20220712 071627
"Do przodu, dziewczyny!" Sary Marcus to wciągająca opowieść o niepozornej rewolucji, która na początku lat 90-tych kiełkowała w amerykańskich salach koncertowych, szkołach i mieszkaniach, czyli wszędzie tam, gdzie dziewczyny spotykały się, żeby rozmawiać o ważnych sprawach. Wszystko zaczęło się w Olympii w stanie Waszyngton, gdzie odbywały się pierwsze spotkania dotyczące seksizmu na scenie punkowej. Z czasem było ich coraz więcej, a do tworzącego się spontanicznie ruchu przylgnęło określenie Riot Grrrls, które zaczęło się pojawiać w piosenkach, na koszulkach i rozpowszechnianych własnym sumptem zinach. Ruch Riot Grrrl łączył w sobie aktywizm polityczny i społeczny, feminizm trzeciej fali oraz wyrazistą muzykę. Jego idee były rozpowszechniane dzięki twórczości takich zespołów jak Bratmobile czy Bikini Kill, które prowokowały mocnymi tekstami i zachowaniem na koncertach, jednocześnie zapraszając dziewczyny pod samą scenę, gdzie miała być dla nich bezpieczna przestrzeń.
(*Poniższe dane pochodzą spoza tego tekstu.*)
(* Let $q$ be a prime power, $1\le k\le n-1$, and let $\mathcal{L}$ be a Cameron-Liebler $k$-set of $\mathrm{AG}(n,q)$ with parameter $x$. Then for every $k$-spread $\mathcal{S}$ of $\mathrm{AG}(n,q)$ we have $|\mathcal{L}\cap\mathcal{S}|=x$.
   Context: $\mathrm{AG}(n,q)$ is $\mathrm{PG}(n,q)$ with a hyperplane $\pi_\infty$ removed; affine points are points outside $\pi_\infty$, affine $k$-spaces are $k$-dimensional projective subspaces not contained in $\pi_\infty$ (identified with their sets of affine points). A $k$-spread of $\mathrm{AG}(n,q)$ is a set of affine $k$-spaces that pairwise share no affine point and together cover all affine points. With $A_n$ the incidence matrix of affine points versus affine $k$-spaces, a set $\mathcal{L}$ of affine $k$-spaces is a Cameron-Liebler $k$-set of $\mathrm{AG}(n,q)$ if its characteristic vector lies in the real row space $\mathrm{Im}(A_n^T)$; its parameter is $x=|\mathcal{L}|/\left[{n\atop k}\right]_q$, where $\left[{a\atop b}\right]_q=\frac{(q^a-1)\cdots(q^{a-b+1}-1)}{(q^b-1)\cdots(q-1)}$. *)

From HB Require Import structures.
From mathcomp Require Import all_boot all_order all_algebra all_field.
From mathcomp Require Import reals.
Set Implicit Arguments. Unset Strict Implicit. Unset Printing Implicit Defensive.
Import GRing.Theory Num.Theory.
Local Open Scope ring_scope.

(* AG(n,q) is modelled as the vector space 'rV[F]_n over a finite field F
   with q = #|F| elements; affine points are vectors, and an affine k-space
   is identified with its set of affine points, i.e. a coset a + W of a
   k-dimensional linear subspace W (row space of a square matrix W). *)

Definition is_affine_space (F : finFieldType) (n k : nat)
  (A : {set 'rV[F]_n}) : bool :=
  [exists a : 'rV[F]_n, exists W : 'M[F]_n,
     (\rank W == k) && (A == [set v | (v - a <= W)%MS])].

Definition affine_spaces (F : finFieldType) (n k : nat)
  : {set {set 'rV[F]_n}} := [set A | @is_affine_space F n k A].

Definition is_spread (F : finFieldType) (n k : nat)
  (S : {set {set 'rV[F]_n}}) : Prop :=
  [/\ S \subset @affine_spaces F n k,
      (forall A B, A \in S -> B \in S -> A != B -> [disjoint A & B])
    & (forall v : 'rV[F]_n, exists2 A, A \in S & v \in A)].

(* Cameron-Liebler k-set: the characteristic vector of L (indexed by affine
   k-spaces) lies in the real row space Im(A_n^T), i.e. it is a real linear
   combination of the rows of the point/k-space incidence matrix A_n. *)
Definition is_CL_set (R : realType) (F : finFieldType) (n k : nat)
  (L : {set {set 'rV[F]_n}}) : Prop :=
  L \subset @affine_spaces F n k /\
  exists c : 'rV[F]_n -> R,
    forall A, A \in @affine_spaces F n k ->
      ((A \in L)%:R : R) = \sum_(P : 'rV[F]_n) c P * (P \in A)%:R.

Definition gauss_binom (R : realType) (q a b : nat) : R :=
  \prod_(i < b) ((q%:R ^+ (a - i) - 1) / (q%:R ^+ (i.+1) - 1)).

Definition CL_parameter (R : realType) (F : finFieldType) (n k : nat)
  (L : {set {set 'rV[F]_n}}) : R :=
  (#|L|)%:R / gauss_binom R #|F| n k.

From HB Require Import structures.
From mathcomp Require Import all_boot all_order all_algebra all_field.
From mathcomp Require Import reals.
From mathcomp Require Import zify.

Set Implicit Arguments.
Unset Strict Implicit.
Unset Printing Implicit Defensive.
Import Order.TTheory GRing.Theory Num.Theory.
Local Open Scope ring_scope.

(* Write the indicator of L as [1_A = \sum_P c P * [P \in A]] on affine k-spaces.
   Summing over any family S of k-spaces gives
   [#|L :&: S| = \sum_P c P * #{A in S | P \in A}].  A spread contains exactly
   one space through each point, so [#|L :&: S| = \sum_P c P].  Through each
   point pass as many affine k-spaces as there are linear k-subspaces, and
   counting ordered bases (row-free k x n matrices, modulo those of size k x k)
   shows that this number is the Gaussian binomial; hence
   [#|L| = [n choose k]_q * \sum_P c P], i.e. [x = \sum_P c P]. *)

Section RowSpaces.
Variables (F : finFieldType) (n : nat).
Local Notation q := #|F|.

Definition row_space m (A : 'M[F]_(m, n)) : {set 'rV[F]_n} := [set v | (v <= A)%MS].

Lemma row_space_eq m1 m2 (A : 'M_(m1, n)) (B : 'M_(m2, n)) :
  (row_space A == row_space B) = (A == B)%MS.
Proof.
apply/eqP/andP => [AB | [sAB sBA]]; last first.
  by apply/setP => v; rewrite !inE; apply/idP/idP => /submx_trans; apply.
split; apply/row_subP => i; move/setP: AB.
  by move/(_ (row i A)); rewrite !inE row_sub => <-.
by move/(_ (row i B)); rewrite !inE row_sub => ->.
Qed.

Lemma card_row_space m (A : 'M_(m, n)) : #|row_space A| = (q ^ \rank A)%N.
Proof.
have -> : row_space A = [set v *m row_base A | v in 'rV_(\rank A)].
  apply/setP => v; rewrite inE -(eq_row_base A).
  by apply/submxP/imsetP => [] [u]; exists u.
by rewrite card_imset ?card_mx ?mul1n //; apply/row_free_inj/row_base_free.
Qed.

Lemma rank_col_rV_mx m (v : 'rV[F]_n) (A : 'M_(m, n)) :
  \rank (col_mx v A) = (~~ (v <= A)%MS + \rank A)%N.
Proof.
rewrite -addsmxE.
have le_sum := (mxrank_adds_leqif v A).1; have le_v := rank_leq_row v.
have /leqifP := mxrank_leqif_sup (addsmxSr v A).
by rewrite addsmx_sub submx_refl andbT; case: (v <= A)%MS => [/eqP|] /=; lia.
Qed.

Lemma row_free_col_rV_mx m (v : 'rV[F]_n) (A : 'M_(m, n)) :
  row_free (col_mx v A) = row_free A && ~~ (v <= A)%MS.
Proof.
rewrite /row_free rank_col_rV_mx; case: (v <= A)%MS => /=; last first.
  by rewrite andbT eqSS.
by rewrite andbF add0n ltn_eqF // ltnS rank_leq_row.
Qed.

Lemma card_outside_row_space m (A : 'M_(m, n)) :
  #|[set v : 'rV[F]_n | ~~ (v <= A)%MS]| = (q ^ n - q ^ \rank A)%N.
Proof.
have -> : [set v | ~~ (v <= A)%MS] = ~: row_space A by apply/setP => v; rewrite !inE.
by rewrite cardsCs setCK card_mx mul1n card_row_space.
Qed.

Lemma card_row_free_succ m :
  #|[set A : 'M[F]_(1 + m, n) | row_free A]|
    = (#|[set A : 'M[F]_(m, n) | row_free A]| * (q ^ n - q ^ m))%N.
Proof.
rewrite -sum1_card (reindex (fun p : 'M_(m, n) * 'rV_n => col_mx p.2 p.1)) /=.
  under eq_bigl => p do rewrite inE row_free_col_rV_mx.
  rewrite -(pair_big_dep _ (fun B v => ~~ (v <= B)%MS) (fun _ _ => 1%N)) /=.
  rewrite -sum_nat_const; apply: eq_big => [B | B]; first by rewrite inE.
  move=> rB; rewrite sum1_card -[in RHS](eqP rB).
  by rewrite -card_outside_row_space; apply: eq_card => v; rewrite inE.
exists (fun A => (dsubmx A, usubmx A)) => [[B v] _ | A _] /=.
  by rewrite col_mxKd col_mxKu.
by rewrite vsubmxK.
Qed.

Lemma card_row_free m :
  #|[set A : 'M[F]_(m, n) | row_free A]| = (\prod_(i < m) (q ^ n - q ^ i))%N.
Proof.
elim: m => [|m IHm]; last by rewrite big_ord_recr /= -IHm card_row_free_succ.
rewrite big_ord0 (@eq_card1 _ (0 : 'M[F]_(0, n))) // => A.
by rewrite !inE [A]flatmx0 /row_free mxrank0 !eqxx.
Qed.

Definition linear_spaces k : {set {set 'rV[F]_n}} :=
  [set row_space W | W : 'M[F]_n & \rank W == k].

Lemma card_eqmx_row_free k (B : 'M[F]_(k, n)) : row_free B ->
  #|[set A : 'M_(k, n) | (A == B)%MS]| = #|[set M : 'M[F]_k | row_free M]|.
Proof.
move=> fB; rewrite -[RHS](card_imset _ (row_free_inj fB)); apply: eq_card => A.
rewrite inE; apply/idP/imsetP => [eqAB | [M /[!inE] fM ->]].
  have sAB : (A <= B)%MS by case/andP: eqAB.
  exists (A *m pinvmx B); last by rewrite mulmxKpV.
  by rewrite inE /row_free -(mxrankMfree _ fB) mulmxKpV // (eqmx_rank eqAB).
by apply/eqmxP/eqmxMfull; rewrite row_full_unit -row_free_unit.
Qed.

Lemma card_linear_spaces k :
  (#|linear_spaces k| * #|[set M : 'M[F]_k | row_free M]|
    = #|[set A : 'M[F]_(k, n) | row_free A]|)%N.
Proof.
rewrite -sum_nat_const -[RHS]sum1_card.
rewrite (partition_big (@row_space k) (mem (linear_spaces k))) => [|A]; last first.
  rewrite inE => fA; apply/imsetP; exists <<A>>%MS; first by rewrite inE mxrank_gen.
  by apply/eqP; rewrite row_space_eq; apply/eqmxP/eqmx_sym/genmxE.
apply: eq_bigr => _ /imsetP [W /[!inE] rW ->].
have [B fB eqBW] : exists2 B : 'M_(k, n), row_free B & (B :=: W)%MS.
  by rewrite -(eqP rW); exists (row_base W); [apply: row_base_free | apply: eq_row_base].
rewrite -(card_eqmx_row_free fB) sum1dep_card.
apply: eq_card => A; rewrite !inE row_space_eq -!eqBW.
apply/idP/and3P => [eqAB | [_ sAB sBA]]; last exact/andP.
by rewrite /row_free (eqmx_rank eqAB); case/andP: eqAB.
Qed.

Definition translate (P : 'rV[F]_n) (V : {set 'rV[F]_n}) := [set v | v - P \in V].

Lemma translate_inj P : injective (translate P).
Proof.
move=> V1 V2 /setP eqV; apply/setP => v.
by have := eqV (v + P); rewrite !inE addrK.
Qed.

Lemma affine_coset_translate (a P : 'rV[F]_n) (W : 'M_n) : (P - a <= W)%MS ->
  [set v | (v - a <= W)%MS] = translate P (row_space W).
Proof.
have addmx_subr (u w : 'rV[F]_n) : (w <= W)%MS -> ((u + w)%R <= W)%MS = (u <= W)%MS.
  move=> sw; apply/idP/idP => [suw | su]; last exact: addmx_sub su sw.
  by rewrite -(addrK w u); apply: addmx_sub suw _; rewrite eqmx_opp.
move=> sPa; apply/setP => v; rewrite !inE.
by rewrite -(addmx_subr (v - P) _ sPa) addrA subrK.
Qed.

Lemma affine_spaces_through k (P : 'rV[F]_n) :
  [set A in affine_spaces F n k | P \in A] = translate P @: linear_spaces k.
Proof.
apply/setP => A; rewrite !inE.
apply/andP/imsetP => [[] | [_ /imsetP [W /[!inE] rW ->] ->]].
  move=> /existsP [a /existsP [W /andP [rW /eqP ->]]]; rewrite inE => sPa.
  exists (row_space W); first by apply/imsetP; exists W; rewrite ?inE.
  exact: affine_coset_translate.
split; last by rewrite !inE subrr sub0mx.
apply/existsP; exists P; apply/existsP; exists W.
by rewrite rW /=; apply/eqP/setP => v; rewrite !inE.
Qed.

Lemma card_affine_spaces_through k (P : 'rV[F]_n) :
  #|[set A in affine_spaces F n k | P \in A]| = #|linear_spaces k|.
Proof. by rewrite affine_spaces_through card_imset //; apply: translate_inj. Qed.

End RowSpaces.

Section GaussianBinomial.
Variables (R : realType) (q : nat).
Hypothesis q_gt1 : (1 < q)%N.

Lemma expr_natr_sub1_neq0 m : (0 < m)%N -> (q%:R : R) ^+ m - 1 != 0.
Proof. by move=> m_gt0; rewrite subr_eq0 gt_eqF // exprn_egt1 ?ltr1n // -lt0n. Qed.

Lemma natr_expnB i m : (i <= m)%N ->
  ((q ^ m - q ^ i)%N%:R : R) = q%:R ^+ i * (q%:R ^+ (m - i) - 1).
Proof.
move=> le_im; rewrite natrB ?leq_pexp2l ?(ltnW q_gt1) //.
by rewrite !natrX mulrBr mulr1 -exprD subnKC.
Qed.

Lemma gauss_binom_neq0 n k : (k <= n)%N -> gauss_binom R q n k != 0.
Proof.
move=> le_kn; apply/prodf_neq0 => i _.
by rewrite mulf_neq0 ?invr_eq0 ?expr_natr_sub1_neq0 // subn_gt0 (leq_trans _ le_kn).
Qed.

Lemma gauss_binom_prod n k : (k <= n)%N ->
  gauss_binom R q n k * (\prod_(i < k) (q ^ k - q ^ i))%N%:R
    = (\prod_(i < k) (q ^ n - q ^ i))%N%:R.
Proof.
move=> le_kn; rewrite !natr_prod.
under eq_bigr => i _ do rewrite natr_expnB 1?ltnW //.
under [RHS]eq_bigr => i _ do rewrite natr_expnB 1?ltnW ?(leq_trans _ le_kn) //.
rewrite !big_split /= mulrCA; congr (_ * _).
rewrite (reindex_inj rev_ord_inj) /=.
under eq_bigr => i _ do rewrite subKn //.
rewrite /gauss_binom big_split /= prodfV divfK //.
by apply/prodf_neq0 => i _; apply: expr_natr_sub1_neq0.
Qed.

End GaussianBinomial.

Lemma card_linear_spaces_gauss (R : realType) (F : finFieldType) n k :
  (k <= n)%N -> (#|linear_spaces F n k|%:R : R) = gauss_binom R #|F| n k.
Proof.
move=> le_kn; have q_gt1 := card_finNzRing_gt1 F.
apply: (@mulIf _ (\prod_(i < k) (#|F| ^ k - #|F| ^ i))%N%:R).
  rewrite pnatr_eq0 -lt0n prodn_gt0 // => i.
  by rewrite subn_gt0 ltn_exp2l.
by rewrite gauss_binom_prod // -natrM -!card_row_free card_linear_spaces.
Qed.

Lemma sum_natr_indicator (R : pzSemiRingType) (T : finType)
    (S : {pred T}) (Q : pred T) :
  \sum_(A in S) ((Q A)%:R : R) = #|[set A in S | Q A]|%:R.
Proof.
rewrite -sum1dep_card natr_sum big_mkcondr /=.
by apply: eq_bigr => A _; case: (Q A).
Qed.

Lemma card_setI_incidence (R : pzSemiRingType) (T : finType)
    (U L S : {set {set T}}) (c : T -> R) :
  S \subset U ->
  (forall A, A \in U -> (A \in L)%:R = \sum_(P : T) c P * (P \in A)%:R) ->
  #|L :&: S|%:R = \sum_(P : T) c P * #|[set A in S | P \in A]|%:R.
Proof.
move=> sSU Lc; have -> : #|L :&: S| = #|[set A in S | A \in L]|.
  by apply: eq_card => A; rewrite !inE andbC.
rewrite -sum_natr_indicator (eq_bigr _ (fun A SA => Lc A (subsetP sSU A SA))).
rewrite exchange_big /=; apply: eq_bigr => P _.
by rewrite -sum_natr_indicator mulr_sumr.
Qed.

Lemma card_spread_through (F : finFieldType) n k (S : {set {set 'rV[F]_n}}) P :
  is_spread k S -> #|[set A in S | P \in A]| = 1%N.
Proof.
case=> _ disjS coverS; have [A0 SA0 PA0] := coverS P.
apply: (@eq_card1 _ A0) => A; rewrite !inE.
apply/andP/eqP => [[SA PA] | -> //]; apply/eqP; apply: contraTT PA => neqA.
by rewrite (disjointFr (disjS _ _ SA0 SA _)) // eq_sym.
Qed.

Theorem lemma3p2 (R : realType) (F : finFieldType) (n k : nat)
  (L : {set {set 'rV[F]_n}}) (x : R) :
  (1 <= k)%N -> (k <= n - 1)%N ->
  @is_CL_set R F n k L -> x = @CL_parameter R F n k L ->
  forall S : {set {set 'rV[F]_n}}, @is_spread F n k S ->
  (#|L :&: S|)%:R = x.
Proof.
move=> _ le_k_n1 [sLA [c Lc]] -> S spreadS.
have le_kn : (k <= n)%N by rewrite (leq_trans le_k_n1) ?leq_subr.
have cardL : #|L| = #|L :&: affine_spaces F n k| by rewrite (setIidPl sLA).
have [sSA _ _] := spreadS.
rewrite /CL_parameter cardL !(card_setI_incidence _ Lc) //.
under eq_bigr => P _ do rewrite (card_spread_through _ spreadS) mulr1.
under [X in _ = X / _]eq_bigr => P _
  do rewrite card_affine_spaces_through card_linear_spaces_gauss //.
by rewrite -mulr_suml mulfK // gauss_binom_neq0 // card_finNzRing_gt1.
Qed.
Sara Marcus z dużym przywiązaniem do detali opisuje ewolucję ruchu Riot Grrrl na wielu poziomach ich działalności. Przedstawia czytelnikom aktywistki, redaktorki zinów oraz artystki. Jedną z takich postaci jest Kathleen Hanna, liderka i wokalistka zespołu Bikini Kill, która pomimo rozwijającej się kariery muzycznej zawsze pozostawała wsparciem dla całego ruchu. Autorka pokazuje też, jak funkcjonowały oddolne grupy wsparcia, jak wydawano, kserowano i rozsyłano ziny, jak organizowano feministyczne festiwale i koncerty lokalnych zespołów. Chociaż Riot Grrrl nie był ogromnym ruchem, to z pewnością przyczynił się do pewnych zmian, które dzisiaj uznajemy za oczywiste – jak choćby to, że kobiece zespoły punkowe i rockowe to nic dziwnego. Sara Marcus pokazuje też, że wiele spraw, które wkurzały Riot Grrrls, niestety są wciąż aktualne i trzeba z nimi walczyć. Tym bardziej warto przeczytać "Do przodu, dziewczyny!" i poszukać w historii aktywistek z Olympii inspiracji do działania.